▶ _Work item_
In the lines below, the string "mdeg" may appear; say how many lines hold it and give nothing more.

▶ _Records supplied_

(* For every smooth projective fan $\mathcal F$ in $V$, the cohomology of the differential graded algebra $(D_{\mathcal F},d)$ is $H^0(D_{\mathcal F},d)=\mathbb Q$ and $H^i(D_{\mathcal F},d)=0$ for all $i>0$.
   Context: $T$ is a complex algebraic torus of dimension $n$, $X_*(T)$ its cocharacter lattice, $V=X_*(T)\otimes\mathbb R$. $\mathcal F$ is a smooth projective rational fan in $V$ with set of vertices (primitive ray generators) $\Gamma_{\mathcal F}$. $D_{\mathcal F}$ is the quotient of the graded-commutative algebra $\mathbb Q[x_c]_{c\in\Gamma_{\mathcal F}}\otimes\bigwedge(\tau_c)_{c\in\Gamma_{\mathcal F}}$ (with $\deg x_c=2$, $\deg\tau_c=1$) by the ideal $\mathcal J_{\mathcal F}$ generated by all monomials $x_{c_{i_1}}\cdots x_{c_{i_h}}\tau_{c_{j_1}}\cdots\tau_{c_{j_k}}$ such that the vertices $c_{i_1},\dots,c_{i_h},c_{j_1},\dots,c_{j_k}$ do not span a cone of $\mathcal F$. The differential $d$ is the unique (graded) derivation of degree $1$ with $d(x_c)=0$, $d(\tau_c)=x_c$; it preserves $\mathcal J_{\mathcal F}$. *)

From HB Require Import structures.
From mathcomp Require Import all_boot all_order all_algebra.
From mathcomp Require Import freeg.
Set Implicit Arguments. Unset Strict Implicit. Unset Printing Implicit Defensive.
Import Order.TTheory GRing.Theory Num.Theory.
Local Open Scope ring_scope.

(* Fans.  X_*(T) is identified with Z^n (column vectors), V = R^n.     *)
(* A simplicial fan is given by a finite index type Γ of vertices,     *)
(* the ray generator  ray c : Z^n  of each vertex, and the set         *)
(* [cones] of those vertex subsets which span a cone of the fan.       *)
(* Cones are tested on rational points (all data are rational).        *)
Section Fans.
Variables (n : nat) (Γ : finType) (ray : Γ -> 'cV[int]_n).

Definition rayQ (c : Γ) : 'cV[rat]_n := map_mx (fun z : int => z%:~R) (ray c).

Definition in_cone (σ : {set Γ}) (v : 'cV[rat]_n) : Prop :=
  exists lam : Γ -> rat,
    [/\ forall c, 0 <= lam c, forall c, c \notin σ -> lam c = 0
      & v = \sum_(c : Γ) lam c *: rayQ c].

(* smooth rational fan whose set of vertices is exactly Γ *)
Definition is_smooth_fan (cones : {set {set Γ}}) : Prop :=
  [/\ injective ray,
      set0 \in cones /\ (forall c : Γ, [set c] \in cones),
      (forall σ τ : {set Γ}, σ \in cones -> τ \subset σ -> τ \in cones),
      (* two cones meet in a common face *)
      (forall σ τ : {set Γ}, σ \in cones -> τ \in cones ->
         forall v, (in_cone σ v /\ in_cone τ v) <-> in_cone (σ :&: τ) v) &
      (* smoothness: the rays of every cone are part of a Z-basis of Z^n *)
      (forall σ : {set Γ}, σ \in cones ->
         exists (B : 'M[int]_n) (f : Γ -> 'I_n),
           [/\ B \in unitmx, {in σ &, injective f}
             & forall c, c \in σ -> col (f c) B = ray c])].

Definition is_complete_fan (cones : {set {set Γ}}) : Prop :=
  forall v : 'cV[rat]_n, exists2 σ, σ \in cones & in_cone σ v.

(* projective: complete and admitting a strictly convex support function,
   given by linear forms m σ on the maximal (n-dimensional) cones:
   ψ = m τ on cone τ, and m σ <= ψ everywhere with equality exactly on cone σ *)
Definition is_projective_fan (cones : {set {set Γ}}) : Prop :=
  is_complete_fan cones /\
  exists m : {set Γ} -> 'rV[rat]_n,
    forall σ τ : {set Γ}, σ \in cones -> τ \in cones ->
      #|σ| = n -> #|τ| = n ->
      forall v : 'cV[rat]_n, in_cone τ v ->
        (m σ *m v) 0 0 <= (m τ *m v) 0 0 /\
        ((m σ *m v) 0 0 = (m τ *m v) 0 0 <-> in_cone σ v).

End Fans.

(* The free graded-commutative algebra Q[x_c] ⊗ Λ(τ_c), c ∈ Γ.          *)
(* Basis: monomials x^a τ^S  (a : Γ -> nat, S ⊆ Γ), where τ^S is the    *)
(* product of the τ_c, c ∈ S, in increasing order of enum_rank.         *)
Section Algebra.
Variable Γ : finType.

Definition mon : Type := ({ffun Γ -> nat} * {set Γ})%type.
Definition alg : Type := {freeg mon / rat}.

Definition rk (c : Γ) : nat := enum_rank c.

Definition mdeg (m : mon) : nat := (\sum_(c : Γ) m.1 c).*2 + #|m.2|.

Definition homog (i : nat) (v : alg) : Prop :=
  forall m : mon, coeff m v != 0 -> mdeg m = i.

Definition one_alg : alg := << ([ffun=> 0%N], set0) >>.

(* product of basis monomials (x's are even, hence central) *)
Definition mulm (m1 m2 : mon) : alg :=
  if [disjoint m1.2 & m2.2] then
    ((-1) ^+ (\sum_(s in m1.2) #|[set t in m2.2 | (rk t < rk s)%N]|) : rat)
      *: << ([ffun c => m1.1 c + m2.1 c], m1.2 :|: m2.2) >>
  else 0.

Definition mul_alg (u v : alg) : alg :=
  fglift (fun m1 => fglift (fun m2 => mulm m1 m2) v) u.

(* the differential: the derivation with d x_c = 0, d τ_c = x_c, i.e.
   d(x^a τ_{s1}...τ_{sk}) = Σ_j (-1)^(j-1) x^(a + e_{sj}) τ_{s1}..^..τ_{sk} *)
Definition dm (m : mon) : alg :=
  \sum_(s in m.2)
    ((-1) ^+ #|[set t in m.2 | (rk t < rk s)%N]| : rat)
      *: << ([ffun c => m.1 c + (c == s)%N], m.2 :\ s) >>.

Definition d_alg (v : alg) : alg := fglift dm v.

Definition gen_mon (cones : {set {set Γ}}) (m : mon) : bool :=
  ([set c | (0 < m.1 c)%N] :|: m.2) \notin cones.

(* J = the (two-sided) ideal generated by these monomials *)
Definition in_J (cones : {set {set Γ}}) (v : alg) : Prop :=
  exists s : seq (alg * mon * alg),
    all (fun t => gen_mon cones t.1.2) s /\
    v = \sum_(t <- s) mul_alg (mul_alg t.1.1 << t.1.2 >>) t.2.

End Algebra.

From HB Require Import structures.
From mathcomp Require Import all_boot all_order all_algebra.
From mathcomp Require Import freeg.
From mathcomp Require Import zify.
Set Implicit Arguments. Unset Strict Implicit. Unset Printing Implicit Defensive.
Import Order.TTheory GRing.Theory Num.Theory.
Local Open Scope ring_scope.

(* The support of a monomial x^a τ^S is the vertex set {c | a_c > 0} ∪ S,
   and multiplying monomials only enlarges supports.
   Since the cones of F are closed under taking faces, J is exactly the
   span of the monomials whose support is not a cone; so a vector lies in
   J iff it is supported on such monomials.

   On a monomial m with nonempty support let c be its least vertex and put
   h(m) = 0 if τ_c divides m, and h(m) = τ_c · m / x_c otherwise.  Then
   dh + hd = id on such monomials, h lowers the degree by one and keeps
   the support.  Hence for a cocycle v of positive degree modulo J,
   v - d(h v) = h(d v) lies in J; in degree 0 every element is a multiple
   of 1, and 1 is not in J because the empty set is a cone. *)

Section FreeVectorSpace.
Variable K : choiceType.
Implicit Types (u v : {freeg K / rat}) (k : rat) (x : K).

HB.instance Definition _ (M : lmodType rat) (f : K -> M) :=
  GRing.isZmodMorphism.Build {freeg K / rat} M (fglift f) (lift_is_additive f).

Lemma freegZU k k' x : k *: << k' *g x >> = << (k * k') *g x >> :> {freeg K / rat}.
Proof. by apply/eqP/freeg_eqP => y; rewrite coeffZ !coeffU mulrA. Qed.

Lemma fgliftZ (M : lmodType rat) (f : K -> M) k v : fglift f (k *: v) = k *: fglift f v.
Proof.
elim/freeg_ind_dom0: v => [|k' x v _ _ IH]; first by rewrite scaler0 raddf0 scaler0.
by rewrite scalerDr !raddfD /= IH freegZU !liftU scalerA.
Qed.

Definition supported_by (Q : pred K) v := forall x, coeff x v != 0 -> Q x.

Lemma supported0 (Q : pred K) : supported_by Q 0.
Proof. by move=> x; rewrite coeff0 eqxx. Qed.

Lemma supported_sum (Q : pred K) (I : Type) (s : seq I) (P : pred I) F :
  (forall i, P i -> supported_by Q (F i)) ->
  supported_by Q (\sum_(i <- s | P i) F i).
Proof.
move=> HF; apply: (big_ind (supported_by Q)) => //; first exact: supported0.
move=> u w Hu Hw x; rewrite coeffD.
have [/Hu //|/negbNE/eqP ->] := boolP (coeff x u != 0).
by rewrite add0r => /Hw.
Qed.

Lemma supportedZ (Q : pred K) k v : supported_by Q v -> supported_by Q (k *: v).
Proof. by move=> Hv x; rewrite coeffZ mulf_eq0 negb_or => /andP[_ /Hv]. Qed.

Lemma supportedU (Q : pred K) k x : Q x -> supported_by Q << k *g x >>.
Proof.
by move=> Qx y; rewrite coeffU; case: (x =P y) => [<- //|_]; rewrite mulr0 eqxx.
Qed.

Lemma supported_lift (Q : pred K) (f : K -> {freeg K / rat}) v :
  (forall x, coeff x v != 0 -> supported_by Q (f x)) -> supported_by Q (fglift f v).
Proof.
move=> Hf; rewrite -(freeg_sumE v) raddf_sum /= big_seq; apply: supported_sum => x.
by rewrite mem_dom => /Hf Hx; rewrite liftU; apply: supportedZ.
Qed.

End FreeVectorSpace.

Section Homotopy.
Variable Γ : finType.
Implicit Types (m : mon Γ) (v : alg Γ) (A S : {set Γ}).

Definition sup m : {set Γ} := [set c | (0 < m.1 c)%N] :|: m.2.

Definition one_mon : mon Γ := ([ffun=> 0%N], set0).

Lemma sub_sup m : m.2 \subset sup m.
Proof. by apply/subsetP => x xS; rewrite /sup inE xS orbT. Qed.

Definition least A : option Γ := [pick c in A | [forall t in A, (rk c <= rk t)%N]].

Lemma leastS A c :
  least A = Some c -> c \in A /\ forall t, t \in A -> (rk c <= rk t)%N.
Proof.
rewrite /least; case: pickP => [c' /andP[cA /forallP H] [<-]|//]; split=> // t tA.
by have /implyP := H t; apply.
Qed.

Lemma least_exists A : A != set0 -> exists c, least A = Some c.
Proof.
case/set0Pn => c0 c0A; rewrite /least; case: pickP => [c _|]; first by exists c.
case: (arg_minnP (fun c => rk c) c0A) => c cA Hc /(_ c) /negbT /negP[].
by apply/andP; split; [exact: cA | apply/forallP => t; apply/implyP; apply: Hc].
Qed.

▶ _Solution for this problem_
2